Blood Urn – Unchain the Abhorrent

Creating within the old school death metal that favors vast internal contrast, Blood Urn craft songs which culminate in musical vistas composed of riffs leading up to decisive moments of conflict and differentiation. Riffs use extensive chromatic fills but not exclusively so as wrappers for rock rhythm as most of the nu-death post-Nile bands, and songs achieve enough internal variety to suggest purpose. The high degree of internal balance results in collections of riffs that are picked for their place in the song, not a song made of the riffs, for the most part, with an internal process of equalization bringing highly disparate riffs together.

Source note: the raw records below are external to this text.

(* Let $P$ be a nilpotent linear operator on a finite-dimensional real or complex symplectic vector space $(V, B)$ which is self-adjoint with respect to $B$. Then every subspace $W \subset V$ invariant under the group $\mathrm{Aut}(V, B, P)$ has the form $W = \bigoplus_{i=1}^s (\operatorname{Ker} P^{k_i} \cap \operatorname{Im} P^{l_i})$ for some $s \in \mathbb{N}$ and integers $k_i, l_i \geq 0$.
   Context: $P$ self-adjoint with respect to $B$ means $B(Pu, v) = B(u, Pv)$ for all $u, v$. $\mathrm{Aut}(V, B, P)$ is the group of linear automorphisms of $V$ preserving $B$ and commuting with $P$ (equivalently, preserving both $B$ and $A(u,v) = B(Pu,v)$). *)

(* Vectors of V = F^n are row vectors 'rV[F]_n; linear
   operators and bilinear forms are n x n matrices acting on row vectors. *)
From HB Require Import structures.
From mathcomp Require Import all_boot all_order all_algebra.
From mathcomp Require Import reals.
From mathcomp Require Export complex.
Set Implicit Arguments. Unset Strict Implicit. Unset Printing Implicit Defensive.
Import Order.TTheory GRing.Theory Num.Theory.
Local Open Scope ring_scope.

Section Defs.
Variables (F : fieldType) (n : nat).

Definition bform (M : 'M[F]_n) (u v : 'rV[F]_n) : F := (u *m M *m v^T) 0 0.

Definition app (A : 'M[F]_n) (u : 'rV[F]_n) : 'rV[F]_n := u *m A.

Definition symplectic (M : 'M[F]_n) : Prop :=
  (forall u, bform M u u = 0) /\ M \in unitmx.

Definition self_adjoint (M P : 'M[F]_n) : Prop :=
  forall u v, bform M (app P u) v = bform M u (app P v).

Definition nilpotent (P : 'M[F]_n) : Prop := exists k : nat, P ^+ k = 0.

Definition in_Aut (M P g : 'M[F]_n) : Prop :=
  [/\ g \in unitmx,
      (forall u v, bform M (app g u) (app g v) = bform M u v) &
      (forall u, app g (app P u) = app P (app g u))].

Definition Aut_invariant (M P W : 'M[F]_n) : Prop :=
  forall g, in_Aut M P g -> forall u : 'rV[F]_n, (u <= W)%MS -> (app g u <= W)%MS.

(* Ker P^k and Im P^l as subspaces (row spaces) of V. *)
Definition KerPow (P : 'M[F]_n) (k : nat) : 'M[F]_n := kermx (P ^+ k).
Definition ImPow (P : 'M[F]_n) (l : nat) : 'M[F]_n := P ^+ l.
(* Let $n$ be a positive integer and $V=\{v_1<v_2<\dots<v_n\}$ a set of $n$ positive integers with $v_n\le n v_1$. Then, with $t=\frac{1}{v_1+v_n}$, one has $\|tv\|\ge\frac{1}{n+1}$ for every $v\in V$; in particular $\kappa(V)\ge\frac{1}{n+1}$. Consequently, for every set $V=\{v_1<\dots<v_n\}$ of positive integers with $n\ge 2$ and every integer $a\ge \frac{v_n-nv_1}{n-1}$, $a\ge 0$, the translate $a+V=\{a+v: v\in V\}$ satisfies $\kappa(a+V)\ge\frac{1}{n+1}$.
   Context: For $x\in\mathbb{R}$, $\|x\|=\min\{x-\lfloor x\rfloor,\lceil x\rceil-x\}$ denotes the distance from $x$ to the nearest integer. For a finite nonempty set $V$ of positive integers, $\kappa(V)=\sup_{t\in(0,1)}\min_{v\in V}\|tv\|$. *)

From HB Require Import structures.
From mathcomp Require Import all_boot all_order all_algebra.
From mathcomp Require Import all_classical all_reals.
Set Implicit Arguments. Unset Strict Implicit. Unset Printing Implicit Defensive.
Import Order.TTheory GRing.Theory Num.Theory.
Local Open Scope ring_scope.
Local Open Scope classical_set_scope.

Definition dist_int {R : realType} (x : R) : R :=
  Num.min (x - (Num.floor x)%:~R) ((Num.ceil x)%:~R - x).

(* min_{v in V} ||t v||, for V a (nonempty) finite list of positive integers.
   The neutral element 1 is harmless since ||.|| <= 1/2. *)
Definition min_dist {R : realType} (V : seq nat) (t : R) : R :=
  \big[Num.min/1]_(v <- V) dist_int (t * v%:R).

Definition kappa {R : realType} (V : seq nat) : R :=
  sup [set y : R | exists t : R, 0 < t < 1 /\ y = min_dist V t].

Definition posset (V : seq nat) : Prop := sorted ltn V /\ all (fun v => 0 < v)%N V.

From HB Require Import structures.
From mathcomp Require Import all_boot all_order all_algebra.
From mathcomp Require Import all_classical all_reals.
From mathcomp Require Import lra.
Import Order.TTheory GRing.Theory Num.Theory.
Local Open Scope ring_scope.

(* With t = 1/(v_1 + v_n), both t v and 1 - t v = t (v_1 + v_n - v) are at least
   t v_1 = v_1/(v_1 + v_n) >= v_1/((n+1) v_1) = 1/(n+1) as soon as v_n <= n v_1.
   Translating V by a >= (v_n - n v_1)/(n - 1) restores v_n <= n v_1. *)

Lemma dist_int_unit (R : realType) (x : R) :
  0 < x < 1 -> dist_int x = Num.min x (1 - x).
Proof.
move=> /andP[x0 x1]; rewrite /dist_int.
have -> : Num.floor x = 0 by apply: floor_def; rewrite add0r (ltW x0) x1.
have -> : Num.ceil x = 1 by apply: ceil_def; rewrite subrr x0 (ltW x1).
by rewrite subr0.
Qed.

Lemma path_leq_bounds (x : nat) (s : seq nat) :
  path leq x s -> forall v, v \in x :: s -> (x <= v <= last x s)%N.
Proof.
elim: s x => [|y s IH] x /=; first by move=> _ v; rewrite mem_seq1 => /eqP ->; rewrite leqnn.
move=> /andP[xy ps] v; rewrite inE => /orP[/eqP ->|vin].
  by have /andP[_ /(leq_trans xy) ->] := IH y ps y (mem_head y s); rewrite leqnn.
by have /andP[/(leq_trans xy) -> ->] := IH y ps v vin.
Qed.

Lemma min_dist_le1 (R : realType) (V : seq nat) (t : R) : min_dist V t <= 1.
Proof.
rewrite /min_dist; elim: V => [|v V IH]; first by rewrite big_nil.
by rewrite big_cons ge_min IH orbT.
Qed.

Lemma min_dist_ge (R : realType) (V : seq nat) (t c : R) : c <= 1 ->
  (forall v, v \in V -> c <= dist_int (t * v%:R)) -> c <= min_dist V t.
Proof.
move=> c1 cV; rewrite /min_dist big_seq.
by apply: (big_ind (fun y => c <= y)) => // y z cy cz; rewrite le_min cy.
Qed.

Lemma kappa_ge_min_dist (R : realType) (V : seq nat) (t : R) :
  0 < t < 1 -> min_dist V t <= kappa V.
Proof.
move=> t01; apply: ub_le_sup; last by exists t.
by exists 1 => _ [s [_ ->]]; exact: min_dist_le1.
Qed.

Lemma dist_int_div_sum_ge (R : realType) (n x L v : nat) :
  (0 < x)%N -> (x <= v <= L)%N -> (L <= n * x)%N ->
  (n.+1%:R)^-1 <= dist_int (((x + L)%:R)^-1 * v%:R : R).
Proof.
move=> x0 /andP[xv vL] Lnx.
have [xR vR LR] : [/\ (1 : R) <= x%:R, (x%:R : R) <= v%:R & (v%:R : R) <= L%:R].
  by rewrite ler1n x0 !ler_nat.
have LnxR : (L%:R : R) <= n%:R * x%:R by rewrite -natrM ler_nat.
set S : R := (x + L)%:R.
have SE : S = x%:R + L%:R by rewrite /S natrD.
have S0 : 0 < S by rewrite SE; lra.
have N0 : (0 : R) < n.+1%:R by rewrite ltr0n.
have NE : (n.+1%:R : R) = n%:R + 1 by rewrite -natr1.
rewrite mulrC dist_int_unit; last first.
  by rewrite divr_gt0 ?ltr_pdivrMr // ?mul1r; lra.
have -> : 1 - v%:R / S = (S - v%:R) / S by rewrite mulrBl divff ?gt_eqF.
by rewrite le_min !ler_pdivlMr // mulrC !ler_pdivrMr // NE SE; apply/andP; split; nra.
Qed.

Section Spread.
Variables (R : realType) (n x : nat) (s : seq nat).
Hypotheses (Vpos : posset (x :: s)) (spread : (last x s <= n * x)%N).

Lemma posset_bounds {v} : v \in x :: s -> [/\ (0 < x)%N & (x <= v <= last x s)%N].
Proof.
case: Vpos => /= Vsorted /andP[x0 _] vV; split=> //.
by apply: path_leq_bounds vV; apply: sub_path Vsorted => p q /ltnW.
Qed.

Lemma dist_int_ge_spread v : v \in x :: s ->
  (n.+1%:R)^-1 <= dist_int (((x + last x s)%:R)^-1 * v%:R : R).
Proof. by case/posset_bounds=> x0 xvL; exact: dist_int_div_sum_ge. Qed.

Lemma kappa_ge_spread : (n.+1%:R)^-1 <= kappa (x :: s) :> R.
Proof.
have [x0 /andP[_ xL]] := posset_bounds (mem_head x s).
have S1 : (1 : R) < (x + last x s)%:R.
  by rewrite ltr1n; exact: (leq_add x0 (leq_trans x0 xL)).
have t01 : 0 < ((x + last x s)%:R : R)^-1 < 1.
  by rewrite invr_gt0 invf_lt1 ?S1 ?(lt_trans ltr01).
apply: (le_trans _ (kappa_ge_min_dist _ _ _ t01)).
apply: min_dist_ge; last exact: dist_int_ge_spread.
by rewrite invf_le1 ?ltr0n // ler1n.
Qed.

End Spread.

Lemma posset_shift (k : nat) (V : seq nat) :
  posset V -> posset [seq (k + v)%N | v <- V].
Proof.
case=> Vsorted Vpos; split.
  by rewrite sorted_map; apply: sub_sorted Vsorted => p q; rewrite /relpre /= ltn_add2l.
by rewrite all_map; apply: sub_all Vpos => v /= v0; rewrite addn_gt0 v0 orbT.
Qed.

Lemma spread_shift (R : realFieldType) (n x L k : nat) : (1 < n)%N ->
  (L%:R - n%:R * x%:R) / n.-1%:R <= k%:R :> R -> (k + L <= n * (k + x))%N.
Proof.
case: n => [|[|m]] // _; rewrite ler_pdivrMr ?ltr0n // lerBlDr -!natrM -natrD ler_nat.
by rewrite mulnDr mulSn -addnA leq_add2l mulnC.
Qed.

Theorem mainTheorem5 (R : realType) :
  (forall (n : nat) (V : seq nat),
     (0 < n)%N -> size V = n -> posset V ->
     (last 0 V <= n * head 0 V)%N ->
     (forall v, v \in V ->
        dist_int (((head 0 V + last 0 V)%:R)^-1 * v%:R : R) >= (n.+1%:R)^-1)
     /\ kappa V >= (n.+1%:R)^-1 :> R)
  /\
  (forall (n : nat) (V : seq nat) (a : int),
     (2 <= n)%N -> size V = n -> posset V ->
     a >= 0 ->
     (a%:~R : R) >= ((last 0 V)%:R - n%:R * (head 0 V)%:R) / (n.-1)%:R ->
     kappa [seq (`|a|%N + v)%N | v <- V] >= (n.+1%:R)^-1 :> R).
Proof.
split=> [n [|x s] n0 sz Vpos spread|n [|x s] a n2 sz Vpos a0 ha].
- by rewrite -sz in n0.
- by split; [exact: dist_int_ge_spread | exact: kappa_ge_spread].
- by rewrite -sz in n2.
have aE : (a%:~R : R) = (`|a|%N)%:R by rewrite natr_absz ger0_norm.
rewrite aE in ha.
have /= shiftVpos := posset_shift `|a|%N _ Vpos.
apply: (kappa_ge_spread _ _ _ _ shiftVpos).
by rewrite last_map; exact: spread_shift ha.
Qed.
(* Assume the setting below ($\mathcal{S}$ convex and generating $\Lambda$; conformal data $\mathcal{R}$). Then the moment map $\mu_{\mathcal{R}}$ satisfies the transversality condition at every point of $P=\mu_{\mathcal{R}}^{-1}(0)\setminus\{0\}$: for every $p\in P$ and every nonzero $a\in\mathfrak g$ there exists $a'\in\mathfrak g$ with $(I_1\,d\langle(\mu_{\mathcal R})_1,a'\rangle)_p(\mathbf{A}_p(a))\neq 0$.
   Context: $F$ is a 2-torus, Lie algebra $\mathfrak f\cong\mathbb{R}^2$, lattice $\Lambda\cong\mathbb{Z}^2$. $\mathcal{S}=\{u_1,\dots,u_k\}\subset\Lambda$ is an ordered set generating $\Lambda$, with cyclically consecutive elements linearly independent, each $u_i$ either $(p,0)$ with $p>0$ or with positive second coordinate, $u_1=(p,0)$, and convex (i.e. $u_1,\dots,u_k$ are the outward normals of a convex polygon; equivalently the associated compact toric orbifold has negative-definite intersection form). Set $v_1=u_1+u_k$, $v_i=u_i-u_{i-1}$ ($2\le i\le k$), and $\Omega:\mathbb{R}^k\to\mathfrak f$, $e_i\mapsto v_i$; $\mathfrak g=\ker\Omega$ (dimension $k-2$). Conformal data $\mathcal R$: points $\zeta_1,\dots,\zeta_k$ with $|\zeta_i|=1$, $0=\arg\zeta_1<\dots<\arg\zeta_k<2\pi$; $z_i=\zeta_i^{1/2}$ with $0\le\arg z_i<\pi$, $\boldsymbol z=(z_1,\dots,z_k)$, $\mathbb W=\mathrm{span}\{\mathrm{Re}\boldsymbol z,\mathrm{Im}\boldsymbol z\}\subset(\mathbb{R}^k)^*$, and $B^*:(\mathbb{R}^k)^*\to\mathfrak g^*$ a linear map with kernel $\mathbb W$. On $\mathbb{H}^k$ with coordinates $q_m=x_m+y_mj$ ($x_m,y_m\in\mathbb C$) and $I_1,I_2,I_3$ = left multiplication by $i,j,k$, let $\mathcal U=\mathbb{H}^k/\{\pm1\}$ (associated bundle of $\mathbb{HP}^{k-1}$). The torus $T^k$ = (maximal torus $\{(\lambda_1,\dots,\lambda_k):\lambda_m\in U(1)\subset\mathbb C\}$ of $Sp(k)$ acting by right multiplication $q_m\mapsto q_m\lambda_m$) modulo $(-1,\dots,-1)$ acts on $\mathcal U$; its Lie algebra is $\mathbb{R}^k$ with $e_m$ generating the rotation of the $m$-th factor, and $\mathbf A(a)$ denotes the vector field on $\mathcal U$ generated by $a\in\mathfrak g\subset\mathbb{R}^k$. Define $\nu_m:\mathcal U\to\mathrm{Im}\mathbb{H}$, $\nu_m(q)=(|x_m|^2-|y_m|^2,\ \mathrm{Re}(2ix_my_m),\ \mathrm{Im}(2ix_my_m))$, $\nu=(\nu_1,\dots,\nu_k):\mathcal U\to(\mathbb{R}^k)^*\otimes\mathrm{Im}\mathbb H$, and $\mu_{\mathcal R}=B^*\circ\nu:\mathcal U\to\mathfrak g^*\otimes\mathrm{Im}\mathbb{H}$, with components $(\mu_{\mathcal R})_1,(\mu_{\mathcal R})_2,(\mu_{\mathcal R})_3$. $I_1$ acts on 1-forms by the transpose action. *)

From HB Require Import structures.
From mathcomp Require Import all_boot all_order all_algebra.
From mathcomp Require Import all_classical all_reals all_analysis.
Set Implicit Arguments. Unset Strict Implicit. Unset Printing Implicit Defensive.
Import Order.TTheory GRing.Theory Num.Theory.
Import numFieldNormedType.Exports.
Local Open Scope ring_scope.

(* ---------- lattice data S = (u_1,...,u_k), indices 0..k-1 ---------- *)
Definition det2 (a b : int * int) : int := a.1 * b.2 - a.2 * b.1.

Vocals take on the older style of deep chanting independent of the rhythms of drums or guitar that gives an arch feel to the material. The sense of otherworldly power and removal from the mundane is borne out by the higher density of this demo than most contemporary metal albums because although the newer material has more detail, it also has less internal communication, and thus the detail appears as on the surface only, like a form of adornment and not structure. Like other newer old school bands such as Herpes, Blood Urn focuses on atmosphere, in this case enhanced by its competent and somewhat more rock-star guitar than older school bands tried. If these adventurers are able to keep up the underground spirit of distrust for all things that pacify and satiate the thundering herd, the solid groundwork of this demo could blossom into a potent style.